## YOUR GOAL
Collect each line of the entries that holds the string "coverK".

## INPUT RECORDS

══════

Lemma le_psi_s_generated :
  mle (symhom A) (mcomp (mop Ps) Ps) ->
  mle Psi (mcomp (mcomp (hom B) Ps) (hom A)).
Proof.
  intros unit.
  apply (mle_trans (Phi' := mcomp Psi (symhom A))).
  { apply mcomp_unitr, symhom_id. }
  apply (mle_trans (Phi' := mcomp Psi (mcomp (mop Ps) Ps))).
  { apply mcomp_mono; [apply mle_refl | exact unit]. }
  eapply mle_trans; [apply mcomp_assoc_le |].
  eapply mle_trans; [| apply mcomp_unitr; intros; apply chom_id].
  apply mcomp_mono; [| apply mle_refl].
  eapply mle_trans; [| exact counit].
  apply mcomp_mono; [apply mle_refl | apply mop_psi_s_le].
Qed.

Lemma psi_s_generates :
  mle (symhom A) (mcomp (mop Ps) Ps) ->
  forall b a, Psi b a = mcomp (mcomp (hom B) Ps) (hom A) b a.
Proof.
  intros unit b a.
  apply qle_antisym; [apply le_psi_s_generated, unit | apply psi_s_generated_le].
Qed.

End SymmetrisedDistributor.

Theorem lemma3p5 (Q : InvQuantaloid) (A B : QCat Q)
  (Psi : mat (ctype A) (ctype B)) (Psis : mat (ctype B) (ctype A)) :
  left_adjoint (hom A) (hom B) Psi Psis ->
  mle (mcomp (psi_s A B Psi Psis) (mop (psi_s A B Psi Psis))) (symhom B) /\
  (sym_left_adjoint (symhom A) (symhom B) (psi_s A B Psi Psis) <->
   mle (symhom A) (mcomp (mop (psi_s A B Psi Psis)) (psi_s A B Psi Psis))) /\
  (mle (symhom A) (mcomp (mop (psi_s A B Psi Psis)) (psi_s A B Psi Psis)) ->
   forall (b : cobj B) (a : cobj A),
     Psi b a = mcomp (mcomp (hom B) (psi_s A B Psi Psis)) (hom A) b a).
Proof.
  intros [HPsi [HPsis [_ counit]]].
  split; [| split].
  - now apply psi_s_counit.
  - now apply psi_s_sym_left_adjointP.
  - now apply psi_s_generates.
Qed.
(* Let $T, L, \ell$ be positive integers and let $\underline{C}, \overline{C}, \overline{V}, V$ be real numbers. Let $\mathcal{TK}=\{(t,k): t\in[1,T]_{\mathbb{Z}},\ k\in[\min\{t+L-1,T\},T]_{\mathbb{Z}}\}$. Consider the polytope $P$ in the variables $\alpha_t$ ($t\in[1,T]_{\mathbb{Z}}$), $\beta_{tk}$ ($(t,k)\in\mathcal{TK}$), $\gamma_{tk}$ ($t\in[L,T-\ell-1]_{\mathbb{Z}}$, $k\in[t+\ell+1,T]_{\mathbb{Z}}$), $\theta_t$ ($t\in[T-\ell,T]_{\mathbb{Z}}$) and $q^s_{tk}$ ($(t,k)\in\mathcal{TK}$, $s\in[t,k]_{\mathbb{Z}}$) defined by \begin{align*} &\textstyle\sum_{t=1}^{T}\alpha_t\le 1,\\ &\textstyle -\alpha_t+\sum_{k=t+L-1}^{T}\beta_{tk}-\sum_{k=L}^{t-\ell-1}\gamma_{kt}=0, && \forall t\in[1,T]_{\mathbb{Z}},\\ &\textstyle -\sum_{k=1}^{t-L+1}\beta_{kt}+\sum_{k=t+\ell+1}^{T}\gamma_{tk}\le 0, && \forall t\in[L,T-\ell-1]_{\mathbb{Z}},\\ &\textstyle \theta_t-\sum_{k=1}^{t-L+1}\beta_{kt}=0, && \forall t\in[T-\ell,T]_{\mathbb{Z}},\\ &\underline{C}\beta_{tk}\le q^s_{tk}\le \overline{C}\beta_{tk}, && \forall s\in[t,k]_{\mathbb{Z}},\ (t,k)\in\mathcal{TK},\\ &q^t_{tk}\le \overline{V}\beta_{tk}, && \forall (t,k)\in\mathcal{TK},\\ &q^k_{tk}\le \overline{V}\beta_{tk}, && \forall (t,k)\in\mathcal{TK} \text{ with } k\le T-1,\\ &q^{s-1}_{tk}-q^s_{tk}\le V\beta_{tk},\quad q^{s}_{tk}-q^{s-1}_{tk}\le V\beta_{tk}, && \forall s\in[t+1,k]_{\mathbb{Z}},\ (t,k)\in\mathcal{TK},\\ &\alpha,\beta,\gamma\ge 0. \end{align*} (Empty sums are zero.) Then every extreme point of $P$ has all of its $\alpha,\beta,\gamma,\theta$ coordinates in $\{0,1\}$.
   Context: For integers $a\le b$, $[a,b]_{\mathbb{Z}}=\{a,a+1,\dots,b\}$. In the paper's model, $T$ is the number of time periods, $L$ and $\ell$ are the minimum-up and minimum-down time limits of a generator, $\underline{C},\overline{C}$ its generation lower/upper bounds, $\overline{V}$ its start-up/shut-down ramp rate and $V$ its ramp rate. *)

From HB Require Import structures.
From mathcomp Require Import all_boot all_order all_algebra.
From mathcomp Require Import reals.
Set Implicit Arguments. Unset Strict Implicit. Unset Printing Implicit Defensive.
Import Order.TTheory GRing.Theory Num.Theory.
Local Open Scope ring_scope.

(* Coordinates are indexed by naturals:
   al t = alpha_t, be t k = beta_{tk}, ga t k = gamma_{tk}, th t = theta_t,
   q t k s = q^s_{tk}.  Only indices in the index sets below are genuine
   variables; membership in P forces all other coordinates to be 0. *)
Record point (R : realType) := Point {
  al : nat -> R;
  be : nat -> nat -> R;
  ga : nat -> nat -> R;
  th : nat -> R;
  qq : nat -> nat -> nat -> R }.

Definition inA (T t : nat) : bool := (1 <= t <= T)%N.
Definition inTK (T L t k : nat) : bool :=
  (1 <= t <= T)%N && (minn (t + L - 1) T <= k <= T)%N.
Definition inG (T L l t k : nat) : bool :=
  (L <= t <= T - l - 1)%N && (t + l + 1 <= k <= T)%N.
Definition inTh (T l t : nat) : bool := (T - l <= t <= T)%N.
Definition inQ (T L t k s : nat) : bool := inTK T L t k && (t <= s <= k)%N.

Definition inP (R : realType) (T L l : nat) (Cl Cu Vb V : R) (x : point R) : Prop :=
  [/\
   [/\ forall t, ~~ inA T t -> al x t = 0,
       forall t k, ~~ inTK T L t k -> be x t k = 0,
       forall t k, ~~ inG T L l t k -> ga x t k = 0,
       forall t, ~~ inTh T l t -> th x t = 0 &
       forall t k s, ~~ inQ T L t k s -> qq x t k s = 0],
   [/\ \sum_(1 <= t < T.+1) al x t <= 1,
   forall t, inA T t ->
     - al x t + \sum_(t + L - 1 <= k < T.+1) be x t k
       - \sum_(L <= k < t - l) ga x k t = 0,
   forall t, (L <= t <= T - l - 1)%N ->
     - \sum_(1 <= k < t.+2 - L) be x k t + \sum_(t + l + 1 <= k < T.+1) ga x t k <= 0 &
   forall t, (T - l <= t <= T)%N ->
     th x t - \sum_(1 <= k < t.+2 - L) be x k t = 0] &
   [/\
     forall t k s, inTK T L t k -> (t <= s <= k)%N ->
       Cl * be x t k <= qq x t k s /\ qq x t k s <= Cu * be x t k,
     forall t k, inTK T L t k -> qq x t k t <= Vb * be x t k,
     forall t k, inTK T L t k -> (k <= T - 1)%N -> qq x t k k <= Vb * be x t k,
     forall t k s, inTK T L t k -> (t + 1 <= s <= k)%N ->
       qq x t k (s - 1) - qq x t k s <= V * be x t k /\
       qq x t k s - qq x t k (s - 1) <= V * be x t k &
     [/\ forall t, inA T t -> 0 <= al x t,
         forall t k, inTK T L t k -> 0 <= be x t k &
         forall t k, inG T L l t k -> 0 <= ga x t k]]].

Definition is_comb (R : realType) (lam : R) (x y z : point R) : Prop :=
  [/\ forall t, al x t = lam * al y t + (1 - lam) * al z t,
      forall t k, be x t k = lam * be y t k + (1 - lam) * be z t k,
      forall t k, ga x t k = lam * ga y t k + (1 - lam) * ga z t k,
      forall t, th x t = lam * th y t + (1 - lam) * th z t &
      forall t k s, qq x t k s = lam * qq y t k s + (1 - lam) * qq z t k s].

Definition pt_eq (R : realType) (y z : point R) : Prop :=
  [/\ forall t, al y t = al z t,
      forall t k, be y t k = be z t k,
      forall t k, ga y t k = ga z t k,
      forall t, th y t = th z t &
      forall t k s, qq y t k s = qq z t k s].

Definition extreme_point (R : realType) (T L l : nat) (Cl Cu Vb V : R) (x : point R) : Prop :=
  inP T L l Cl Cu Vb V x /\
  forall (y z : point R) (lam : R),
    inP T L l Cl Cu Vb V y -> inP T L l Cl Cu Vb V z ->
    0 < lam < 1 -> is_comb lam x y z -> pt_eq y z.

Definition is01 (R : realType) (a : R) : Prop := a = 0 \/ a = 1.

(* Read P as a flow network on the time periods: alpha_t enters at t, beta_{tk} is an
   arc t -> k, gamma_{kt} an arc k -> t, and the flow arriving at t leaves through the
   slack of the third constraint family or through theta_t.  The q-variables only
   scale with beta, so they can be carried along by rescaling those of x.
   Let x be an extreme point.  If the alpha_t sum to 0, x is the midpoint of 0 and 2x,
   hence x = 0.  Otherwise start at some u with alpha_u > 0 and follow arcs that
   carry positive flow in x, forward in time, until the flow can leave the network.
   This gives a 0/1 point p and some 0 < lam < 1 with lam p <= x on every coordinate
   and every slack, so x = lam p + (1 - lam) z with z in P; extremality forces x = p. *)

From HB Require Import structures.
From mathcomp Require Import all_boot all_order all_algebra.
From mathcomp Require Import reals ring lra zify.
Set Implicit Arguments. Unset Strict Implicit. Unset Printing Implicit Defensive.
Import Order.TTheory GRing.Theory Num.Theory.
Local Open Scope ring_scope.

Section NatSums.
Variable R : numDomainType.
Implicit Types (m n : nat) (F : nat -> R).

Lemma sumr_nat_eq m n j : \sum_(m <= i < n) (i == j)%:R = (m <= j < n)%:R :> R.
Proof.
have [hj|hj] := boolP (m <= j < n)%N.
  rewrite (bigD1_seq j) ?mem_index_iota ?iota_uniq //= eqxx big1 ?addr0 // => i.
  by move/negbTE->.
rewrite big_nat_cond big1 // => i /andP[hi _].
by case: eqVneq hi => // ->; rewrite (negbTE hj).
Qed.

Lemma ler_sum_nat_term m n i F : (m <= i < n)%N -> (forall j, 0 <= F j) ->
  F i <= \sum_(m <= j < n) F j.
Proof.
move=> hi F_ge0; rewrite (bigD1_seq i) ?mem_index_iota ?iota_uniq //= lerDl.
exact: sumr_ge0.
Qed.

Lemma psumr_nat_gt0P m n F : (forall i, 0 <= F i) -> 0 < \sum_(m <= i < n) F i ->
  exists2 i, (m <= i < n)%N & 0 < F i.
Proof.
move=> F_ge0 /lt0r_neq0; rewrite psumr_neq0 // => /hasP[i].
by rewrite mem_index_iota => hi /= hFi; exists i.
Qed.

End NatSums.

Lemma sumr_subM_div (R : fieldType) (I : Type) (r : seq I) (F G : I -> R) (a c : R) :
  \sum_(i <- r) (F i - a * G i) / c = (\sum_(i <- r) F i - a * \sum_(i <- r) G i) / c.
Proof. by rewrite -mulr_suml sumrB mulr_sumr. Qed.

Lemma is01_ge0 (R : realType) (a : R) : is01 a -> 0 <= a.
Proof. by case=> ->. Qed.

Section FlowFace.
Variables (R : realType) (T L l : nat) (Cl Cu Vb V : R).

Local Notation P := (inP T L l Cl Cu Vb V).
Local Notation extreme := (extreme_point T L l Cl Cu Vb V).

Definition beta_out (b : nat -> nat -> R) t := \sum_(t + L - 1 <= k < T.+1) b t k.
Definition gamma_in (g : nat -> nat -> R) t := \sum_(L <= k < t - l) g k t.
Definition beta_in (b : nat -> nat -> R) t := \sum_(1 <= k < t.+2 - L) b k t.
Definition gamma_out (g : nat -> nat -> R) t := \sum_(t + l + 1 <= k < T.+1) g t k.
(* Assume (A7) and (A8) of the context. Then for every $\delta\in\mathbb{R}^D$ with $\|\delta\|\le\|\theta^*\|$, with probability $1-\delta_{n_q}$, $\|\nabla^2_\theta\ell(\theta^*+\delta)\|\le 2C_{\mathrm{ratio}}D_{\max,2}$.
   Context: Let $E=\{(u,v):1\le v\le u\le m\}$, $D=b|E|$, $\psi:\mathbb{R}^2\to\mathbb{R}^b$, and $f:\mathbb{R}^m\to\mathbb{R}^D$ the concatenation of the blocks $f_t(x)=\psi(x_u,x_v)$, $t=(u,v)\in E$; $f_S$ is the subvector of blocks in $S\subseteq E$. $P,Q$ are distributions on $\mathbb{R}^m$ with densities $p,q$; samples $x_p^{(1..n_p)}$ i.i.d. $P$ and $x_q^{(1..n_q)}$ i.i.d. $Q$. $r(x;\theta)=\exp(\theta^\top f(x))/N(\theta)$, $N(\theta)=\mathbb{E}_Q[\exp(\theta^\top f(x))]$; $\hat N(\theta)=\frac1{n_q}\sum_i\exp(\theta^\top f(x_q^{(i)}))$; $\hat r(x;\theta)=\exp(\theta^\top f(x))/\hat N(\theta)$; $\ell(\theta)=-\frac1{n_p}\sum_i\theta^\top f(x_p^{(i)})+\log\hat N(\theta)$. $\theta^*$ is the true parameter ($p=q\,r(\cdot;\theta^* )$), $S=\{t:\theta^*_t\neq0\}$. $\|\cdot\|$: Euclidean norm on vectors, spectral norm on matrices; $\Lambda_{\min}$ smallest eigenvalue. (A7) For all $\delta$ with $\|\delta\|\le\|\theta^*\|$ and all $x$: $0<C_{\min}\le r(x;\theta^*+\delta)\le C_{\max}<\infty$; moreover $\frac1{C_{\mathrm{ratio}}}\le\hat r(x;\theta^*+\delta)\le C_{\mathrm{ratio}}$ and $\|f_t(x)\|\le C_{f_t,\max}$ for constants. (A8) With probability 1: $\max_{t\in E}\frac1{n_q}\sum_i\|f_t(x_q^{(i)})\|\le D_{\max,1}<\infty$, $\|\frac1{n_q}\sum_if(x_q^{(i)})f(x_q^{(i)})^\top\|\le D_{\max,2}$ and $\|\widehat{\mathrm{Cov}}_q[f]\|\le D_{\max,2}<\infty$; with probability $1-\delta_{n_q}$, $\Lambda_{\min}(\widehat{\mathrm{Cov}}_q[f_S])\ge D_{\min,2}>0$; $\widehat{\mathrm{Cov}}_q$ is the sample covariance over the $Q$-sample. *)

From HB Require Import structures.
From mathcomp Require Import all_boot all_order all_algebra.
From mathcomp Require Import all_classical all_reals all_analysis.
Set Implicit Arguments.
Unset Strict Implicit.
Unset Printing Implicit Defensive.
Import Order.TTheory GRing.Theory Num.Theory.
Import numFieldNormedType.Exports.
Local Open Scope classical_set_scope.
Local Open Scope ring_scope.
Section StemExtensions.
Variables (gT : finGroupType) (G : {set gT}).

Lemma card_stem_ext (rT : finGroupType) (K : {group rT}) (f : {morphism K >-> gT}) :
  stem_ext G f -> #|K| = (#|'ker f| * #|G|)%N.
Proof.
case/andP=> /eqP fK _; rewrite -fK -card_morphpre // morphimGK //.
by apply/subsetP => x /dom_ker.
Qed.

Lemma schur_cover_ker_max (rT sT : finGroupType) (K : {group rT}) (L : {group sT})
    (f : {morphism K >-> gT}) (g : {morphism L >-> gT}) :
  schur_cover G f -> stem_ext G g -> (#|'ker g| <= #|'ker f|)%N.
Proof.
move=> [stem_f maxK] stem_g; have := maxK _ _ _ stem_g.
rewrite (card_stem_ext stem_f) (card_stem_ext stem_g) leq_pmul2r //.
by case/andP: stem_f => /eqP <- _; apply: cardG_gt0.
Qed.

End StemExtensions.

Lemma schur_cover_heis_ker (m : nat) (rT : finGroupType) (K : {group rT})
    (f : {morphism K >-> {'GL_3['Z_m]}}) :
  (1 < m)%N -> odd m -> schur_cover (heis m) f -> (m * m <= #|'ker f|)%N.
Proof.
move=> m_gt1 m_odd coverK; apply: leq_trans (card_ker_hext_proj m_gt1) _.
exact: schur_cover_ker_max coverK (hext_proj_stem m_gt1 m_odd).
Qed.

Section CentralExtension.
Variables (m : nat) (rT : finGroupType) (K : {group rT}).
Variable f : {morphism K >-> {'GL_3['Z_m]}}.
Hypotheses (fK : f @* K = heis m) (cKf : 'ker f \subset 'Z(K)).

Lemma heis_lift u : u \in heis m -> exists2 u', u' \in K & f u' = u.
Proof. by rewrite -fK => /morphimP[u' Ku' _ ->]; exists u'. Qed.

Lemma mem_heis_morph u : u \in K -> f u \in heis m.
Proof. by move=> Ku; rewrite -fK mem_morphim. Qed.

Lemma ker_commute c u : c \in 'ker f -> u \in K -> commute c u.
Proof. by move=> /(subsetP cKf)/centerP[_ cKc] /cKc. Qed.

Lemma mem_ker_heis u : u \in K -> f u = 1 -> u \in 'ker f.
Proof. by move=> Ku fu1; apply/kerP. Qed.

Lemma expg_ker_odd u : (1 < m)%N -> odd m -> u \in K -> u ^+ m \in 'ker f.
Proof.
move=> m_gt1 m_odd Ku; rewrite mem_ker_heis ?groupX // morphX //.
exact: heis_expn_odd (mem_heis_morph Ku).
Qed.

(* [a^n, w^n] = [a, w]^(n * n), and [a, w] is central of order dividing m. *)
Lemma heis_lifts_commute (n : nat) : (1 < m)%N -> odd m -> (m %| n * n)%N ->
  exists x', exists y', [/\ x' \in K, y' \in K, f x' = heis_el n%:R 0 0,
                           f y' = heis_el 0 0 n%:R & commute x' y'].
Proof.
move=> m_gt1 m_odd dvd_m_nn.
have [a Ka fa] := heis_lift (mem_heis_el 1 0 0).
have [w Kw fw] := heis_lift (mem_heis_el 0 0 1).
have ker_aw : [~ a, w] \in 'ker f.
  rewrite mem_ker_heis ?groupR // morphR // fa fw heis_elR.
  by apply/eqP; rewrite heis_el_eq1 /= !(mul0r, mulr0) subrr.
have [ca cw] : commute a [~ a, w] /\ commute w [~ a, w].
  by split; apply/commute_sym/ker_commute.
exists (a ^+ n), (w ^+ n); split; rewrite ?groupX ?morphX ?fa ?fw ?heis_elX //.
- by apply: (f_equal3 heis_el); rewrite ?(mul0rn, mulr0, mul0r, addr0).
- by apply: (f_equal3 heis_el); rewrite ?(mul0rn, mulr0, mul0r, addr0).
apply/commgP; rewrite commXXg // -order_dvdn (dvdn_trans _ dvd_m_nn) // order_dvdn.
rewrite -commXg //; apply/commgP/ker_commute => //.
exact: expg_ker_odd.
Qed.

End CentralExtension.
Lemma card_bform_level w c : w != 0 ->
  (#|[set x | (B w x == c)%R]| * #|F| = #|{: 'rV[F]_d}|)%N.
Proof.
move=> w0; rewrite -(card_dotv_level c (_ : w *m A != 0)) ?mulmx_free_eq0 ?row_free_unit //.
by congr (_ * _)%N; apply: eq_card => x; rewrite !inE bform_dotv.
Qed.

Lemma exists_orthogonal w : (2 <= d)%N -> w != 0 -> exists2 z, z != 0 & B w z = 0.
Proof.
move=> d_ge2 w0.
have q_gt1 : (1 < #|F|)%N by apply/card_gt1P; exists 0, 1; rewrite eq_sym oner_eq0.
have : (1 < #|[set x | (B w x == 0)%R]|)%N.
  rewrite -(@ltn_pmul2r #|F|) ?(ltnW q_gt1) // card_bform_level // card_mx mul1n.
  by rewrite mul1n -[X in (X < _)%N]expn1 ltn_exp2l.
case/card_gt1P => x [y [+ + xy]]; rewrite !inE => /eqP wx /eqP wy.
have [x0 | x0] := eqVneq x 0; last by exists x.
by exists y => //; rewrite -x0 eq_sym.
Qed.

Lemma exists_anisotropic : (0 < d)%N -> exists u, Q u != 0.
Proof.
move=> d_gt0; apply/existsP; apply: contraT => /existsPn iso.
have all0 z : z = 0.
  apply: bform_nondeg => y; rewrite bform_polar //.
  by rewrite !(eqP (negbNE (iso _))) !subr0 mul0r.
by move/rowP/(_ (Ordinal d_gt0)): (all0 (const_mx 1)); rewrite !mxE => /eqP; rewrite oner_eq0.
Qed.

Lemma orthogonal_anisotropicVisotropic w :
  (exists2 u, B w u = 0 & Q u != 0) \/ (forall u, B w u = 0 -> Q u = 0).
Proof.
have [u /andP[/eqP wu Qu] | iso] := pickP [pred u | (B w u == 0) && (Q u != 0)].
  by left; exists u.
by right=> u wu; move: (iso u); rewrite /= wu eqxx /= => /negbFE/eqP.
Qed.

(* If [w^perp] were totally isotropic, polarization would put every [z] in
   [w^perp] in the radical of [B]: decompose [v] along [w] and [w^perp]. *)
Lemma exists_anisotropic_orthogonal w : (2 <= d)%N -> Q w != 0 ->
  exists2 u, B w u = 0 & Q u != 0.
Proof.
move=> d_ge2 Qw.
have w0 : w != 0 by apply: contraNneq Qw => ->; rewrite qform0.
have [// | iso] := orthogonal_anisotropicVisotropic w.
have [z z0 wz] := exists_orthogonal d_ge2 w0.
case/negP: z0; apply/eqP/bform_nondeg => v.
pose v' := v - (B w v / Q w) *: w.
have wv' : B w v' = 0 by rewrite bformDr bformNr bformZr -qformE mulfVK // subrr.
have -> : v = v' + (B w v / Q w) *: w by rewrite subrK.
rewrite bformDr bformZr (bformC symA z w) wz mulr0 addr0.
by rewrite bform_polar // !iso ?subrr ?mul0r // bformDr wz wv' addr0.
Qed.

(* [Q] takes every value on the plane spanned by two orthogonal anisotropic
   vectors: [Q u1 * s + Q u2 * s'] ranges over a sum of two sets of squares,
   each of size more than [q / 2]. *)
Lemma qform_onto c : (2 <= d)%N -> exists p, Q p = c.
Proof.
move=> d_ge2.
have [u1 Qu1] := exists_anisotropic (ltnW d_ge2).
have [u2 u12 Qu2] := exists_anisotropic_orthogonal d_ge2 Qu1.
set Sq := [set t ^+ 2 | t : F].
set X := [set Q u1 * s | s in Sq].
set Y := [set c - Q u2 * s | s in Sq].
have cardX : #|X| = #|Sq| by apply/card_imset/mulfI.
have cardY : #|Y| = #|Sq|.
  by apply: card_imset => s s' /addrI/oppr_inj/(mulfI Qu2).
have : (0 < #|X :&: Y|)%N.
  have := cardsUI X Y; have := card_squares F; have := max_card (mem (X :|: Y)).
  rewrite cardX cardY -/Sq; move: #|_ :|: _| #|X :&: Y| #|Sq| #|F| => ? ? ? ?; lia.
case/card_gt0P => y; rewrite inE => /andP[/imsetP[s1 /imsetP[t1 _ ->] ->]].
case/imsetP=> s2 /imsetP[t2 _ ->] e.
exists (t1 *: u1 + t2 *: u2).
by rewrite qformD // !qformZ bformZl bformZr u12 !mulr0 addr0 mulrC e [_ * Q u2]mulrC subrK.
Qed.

══════

## YOUR RESPONSE
move=> m_gt1 m_odd coverK; apply: leq_trans (card_ker_hext_proj m_gt1) _.
exact: schur_cover_ker_max coverK (hext_proj_stem m_gt1 m_odd).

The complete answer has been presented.